▸ WHAT THIS TASK INVOLVES
Line tally for the word "lies": count the lines below that contain it and reply with the number alone.

▸ RECORDS SHOWN
--------------------------------

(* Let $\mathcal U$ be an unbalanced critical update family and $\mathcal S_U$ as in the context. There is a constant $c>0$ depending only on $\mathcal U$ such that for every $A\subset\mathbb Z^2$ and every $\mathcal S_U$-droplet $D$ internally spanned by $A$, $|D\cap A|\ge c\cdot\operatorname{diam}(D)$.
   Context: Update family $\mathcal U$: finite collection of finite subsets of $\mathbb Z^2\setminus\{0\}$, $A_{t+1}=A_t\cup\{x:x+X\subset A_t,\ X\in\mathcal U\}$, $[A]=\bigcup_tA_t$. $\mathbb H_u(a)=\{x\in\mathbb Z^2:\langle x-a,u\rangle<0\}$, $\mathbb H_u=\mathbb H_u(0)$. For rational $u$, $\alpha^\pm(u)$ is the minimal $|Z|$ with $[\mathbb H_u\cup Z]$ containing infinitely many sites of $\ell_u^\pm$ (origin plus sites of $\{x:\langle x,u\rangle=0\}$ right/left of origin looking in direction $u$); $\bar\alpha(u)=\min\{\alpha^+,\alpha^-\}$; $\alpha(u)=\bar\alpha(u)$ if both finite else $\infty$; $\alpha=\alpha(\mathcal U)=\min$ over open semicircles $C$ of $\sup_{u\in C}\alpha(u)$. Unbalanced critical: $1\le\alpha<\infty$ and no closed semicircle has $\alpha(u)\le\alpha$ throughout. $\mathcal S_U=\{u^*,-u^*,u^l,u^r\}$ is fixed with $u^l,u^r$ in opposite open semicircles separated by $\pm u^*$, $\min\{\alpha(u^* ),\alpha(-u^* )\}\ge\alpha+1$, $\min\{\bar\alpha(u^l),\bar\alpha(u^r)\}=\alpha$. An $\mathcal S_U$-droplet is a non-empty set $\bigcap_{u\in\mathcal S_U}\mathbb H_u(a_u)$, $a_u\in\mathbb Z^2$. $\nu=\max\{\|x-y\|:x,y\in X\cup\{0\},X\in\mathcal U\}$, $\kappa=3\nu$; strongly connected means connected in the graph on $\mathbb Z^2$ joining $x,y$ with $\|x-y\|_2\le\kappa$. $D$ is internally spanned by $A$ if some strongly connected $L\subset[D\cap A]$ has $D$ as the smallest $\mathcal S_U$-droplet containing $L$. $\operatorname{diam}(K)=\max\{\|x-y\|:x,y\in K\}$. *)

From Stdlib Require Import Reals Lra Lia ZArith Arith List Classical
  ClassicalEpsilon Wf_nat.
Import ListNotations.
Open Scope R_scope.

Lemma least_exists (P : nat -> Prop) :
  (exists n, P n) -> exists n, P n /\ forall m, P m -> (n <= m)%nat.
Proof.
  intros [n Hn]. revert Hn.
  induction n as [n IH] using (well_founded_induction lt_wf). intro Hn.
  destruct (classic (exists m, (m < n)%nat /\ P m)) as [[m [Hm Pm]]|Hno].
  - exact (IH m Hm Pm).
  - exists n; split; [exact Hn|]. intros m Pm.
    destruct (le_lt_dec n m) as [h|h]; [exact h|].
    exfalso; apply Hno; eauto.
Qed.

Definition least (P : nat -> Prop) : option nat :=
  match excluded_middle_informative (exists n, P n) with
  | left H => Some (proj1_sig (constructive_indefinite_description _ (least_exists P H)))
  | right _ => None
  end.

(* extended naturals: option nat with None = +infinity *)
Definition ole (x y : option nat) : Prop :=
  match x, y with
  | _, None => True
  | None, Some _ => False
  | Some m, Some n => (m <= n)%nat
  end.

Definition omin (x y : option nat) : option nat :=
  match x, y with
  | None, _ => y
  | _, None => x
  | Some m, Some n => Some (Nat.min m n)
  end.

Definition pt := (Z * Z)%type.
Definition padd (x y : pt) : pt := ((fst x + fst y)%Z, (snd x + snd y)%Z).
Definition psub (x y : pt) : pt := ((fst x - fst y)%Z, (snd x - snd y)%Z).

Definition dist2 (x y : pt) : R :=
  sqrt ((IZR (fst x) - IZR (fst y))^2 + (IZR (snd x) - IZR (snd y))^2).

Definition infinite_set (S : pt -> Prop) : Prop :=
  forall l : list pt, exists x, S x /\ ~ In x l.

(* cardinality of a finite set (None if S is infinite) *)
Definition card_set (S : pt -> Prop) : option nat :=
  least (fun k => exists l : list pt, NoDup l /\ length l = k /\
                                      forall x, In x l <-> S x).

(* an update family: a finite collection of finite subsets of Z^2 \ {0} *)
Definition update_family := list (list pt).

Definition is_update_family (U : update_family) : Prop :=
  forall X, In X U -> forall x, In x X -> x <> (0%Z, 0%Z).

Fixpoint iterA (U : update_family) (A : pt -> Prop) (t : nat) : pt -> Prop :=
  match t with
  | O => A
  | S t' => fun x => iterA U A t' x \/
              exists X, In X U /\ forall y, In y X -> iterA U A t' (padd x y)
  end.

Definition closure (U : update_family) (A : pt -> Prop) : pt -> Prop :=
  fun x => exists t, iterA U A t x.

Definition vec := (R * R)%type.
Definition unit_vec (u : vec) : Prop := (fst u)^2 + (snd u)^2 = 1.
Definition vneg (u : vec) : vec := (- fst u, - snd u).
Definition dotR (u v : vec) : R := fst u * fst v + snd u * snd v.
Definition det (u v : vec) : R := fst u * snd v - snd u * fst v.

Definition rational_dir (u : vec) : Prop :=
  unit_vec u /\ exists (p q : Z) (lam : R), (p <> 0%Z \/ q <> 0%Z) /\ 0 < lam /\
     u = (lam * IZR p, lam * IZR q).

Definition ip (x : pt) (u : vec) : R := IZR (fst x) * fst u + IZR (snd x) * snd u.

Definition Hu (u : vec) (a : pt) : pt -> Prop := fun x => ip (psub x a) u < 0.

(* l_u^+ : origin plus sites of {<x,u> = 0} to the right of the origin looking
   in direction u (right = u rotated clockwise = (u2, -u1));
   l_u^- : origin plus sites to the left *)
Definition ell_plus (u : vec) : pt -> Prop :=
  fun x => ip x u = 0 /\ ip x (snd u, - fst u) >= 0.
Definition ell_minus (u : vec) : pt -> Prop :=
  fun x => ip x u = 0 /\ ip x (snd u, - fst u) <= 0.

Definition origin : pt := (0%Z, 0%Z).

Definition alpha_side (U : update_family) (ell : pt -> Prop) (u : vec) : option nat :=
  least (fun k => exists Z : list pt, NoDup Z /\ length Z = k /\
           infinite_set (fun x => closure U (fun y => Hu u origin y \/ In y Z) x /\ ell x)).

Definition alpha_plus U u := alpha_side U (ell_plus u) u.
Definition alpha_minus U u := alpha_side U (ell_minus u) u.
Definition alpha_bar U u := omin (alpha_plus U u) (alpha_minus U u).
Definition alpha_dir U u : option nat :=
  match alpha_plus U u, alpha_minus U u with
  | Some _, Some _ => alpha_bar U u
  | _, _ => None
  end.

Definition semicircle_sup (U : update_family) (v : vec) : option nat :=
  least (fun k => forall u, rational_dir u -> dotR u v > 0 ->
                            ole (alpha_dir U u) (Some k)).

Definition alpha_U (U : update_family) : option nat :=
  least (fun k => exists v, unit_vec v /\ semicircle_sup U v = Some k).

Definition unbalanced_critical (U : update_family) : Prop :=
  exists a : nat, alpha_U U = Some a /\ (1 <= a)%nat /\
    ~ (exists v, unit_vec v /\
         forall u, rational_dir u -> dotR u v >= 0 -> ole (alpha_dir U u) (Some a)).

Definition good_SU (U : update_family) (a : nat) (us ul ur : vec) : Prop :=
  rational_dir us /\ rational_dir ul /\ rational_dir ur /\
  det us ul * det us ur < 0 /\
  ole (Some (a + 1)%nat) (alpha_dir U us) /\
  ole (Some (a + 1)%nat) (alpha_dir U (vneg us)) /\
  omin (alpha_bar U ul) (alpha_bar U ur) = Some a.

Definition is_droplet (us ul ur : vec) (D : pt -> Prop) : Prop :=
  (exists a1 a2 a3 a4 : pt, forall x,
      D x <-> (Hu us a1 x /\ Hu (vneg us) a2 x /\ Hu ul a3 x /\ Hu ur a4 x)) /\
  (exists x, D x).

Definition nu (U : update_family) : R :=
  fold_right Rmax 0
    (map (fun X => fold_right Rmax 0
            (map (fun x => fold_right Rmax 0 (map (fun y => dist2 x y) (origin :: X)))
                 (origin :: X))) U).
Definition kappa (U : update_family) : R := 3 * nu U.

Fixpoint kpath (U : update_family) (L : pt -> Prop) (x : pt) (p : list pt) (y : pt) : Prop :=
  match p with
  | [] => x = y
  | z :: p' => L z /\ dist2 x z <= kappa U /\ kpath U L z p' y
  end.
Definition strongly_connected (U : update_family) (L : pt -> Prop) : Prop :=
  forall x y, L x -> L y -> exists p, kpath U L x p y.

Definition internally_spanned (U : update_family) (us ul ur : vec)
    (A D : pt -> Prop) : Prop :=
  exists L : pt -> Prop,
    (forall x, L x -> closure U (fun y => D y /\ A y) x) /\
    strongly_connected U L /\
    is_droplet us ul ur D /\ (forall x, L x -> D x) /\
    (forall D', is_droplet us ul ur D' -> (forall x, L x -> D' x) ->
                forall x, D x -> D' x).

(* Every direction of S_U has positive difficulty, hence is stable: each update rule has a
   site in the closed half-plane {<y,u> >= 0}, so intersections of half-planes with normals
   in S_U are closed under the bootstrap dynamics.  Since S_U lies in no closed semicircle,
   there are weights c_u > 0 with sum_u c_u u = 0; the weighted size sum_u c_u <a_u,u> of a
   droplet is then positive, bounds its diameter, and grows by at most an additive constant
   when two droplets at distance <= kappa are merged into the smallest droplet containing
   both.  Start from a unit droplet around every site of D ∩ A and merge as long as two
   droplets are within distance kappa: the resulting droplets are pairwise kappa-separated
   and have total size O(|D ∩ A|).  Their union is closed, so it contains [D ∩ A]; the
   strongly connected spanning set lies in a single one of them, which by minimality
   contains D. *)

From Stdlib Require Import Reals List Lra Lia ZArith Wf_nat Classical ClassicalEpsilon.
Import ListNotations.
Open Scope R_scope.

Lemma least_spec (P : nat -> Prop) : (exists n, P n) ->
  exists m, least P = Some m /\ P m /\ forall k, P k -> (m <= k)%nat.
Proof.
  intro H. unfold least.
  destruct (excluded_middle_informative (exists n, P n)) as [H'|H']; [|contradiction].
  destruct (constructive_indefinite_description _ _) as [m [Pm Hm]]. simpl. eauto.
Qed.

--------------------------------

▸ WRITTEN RESPONSE
2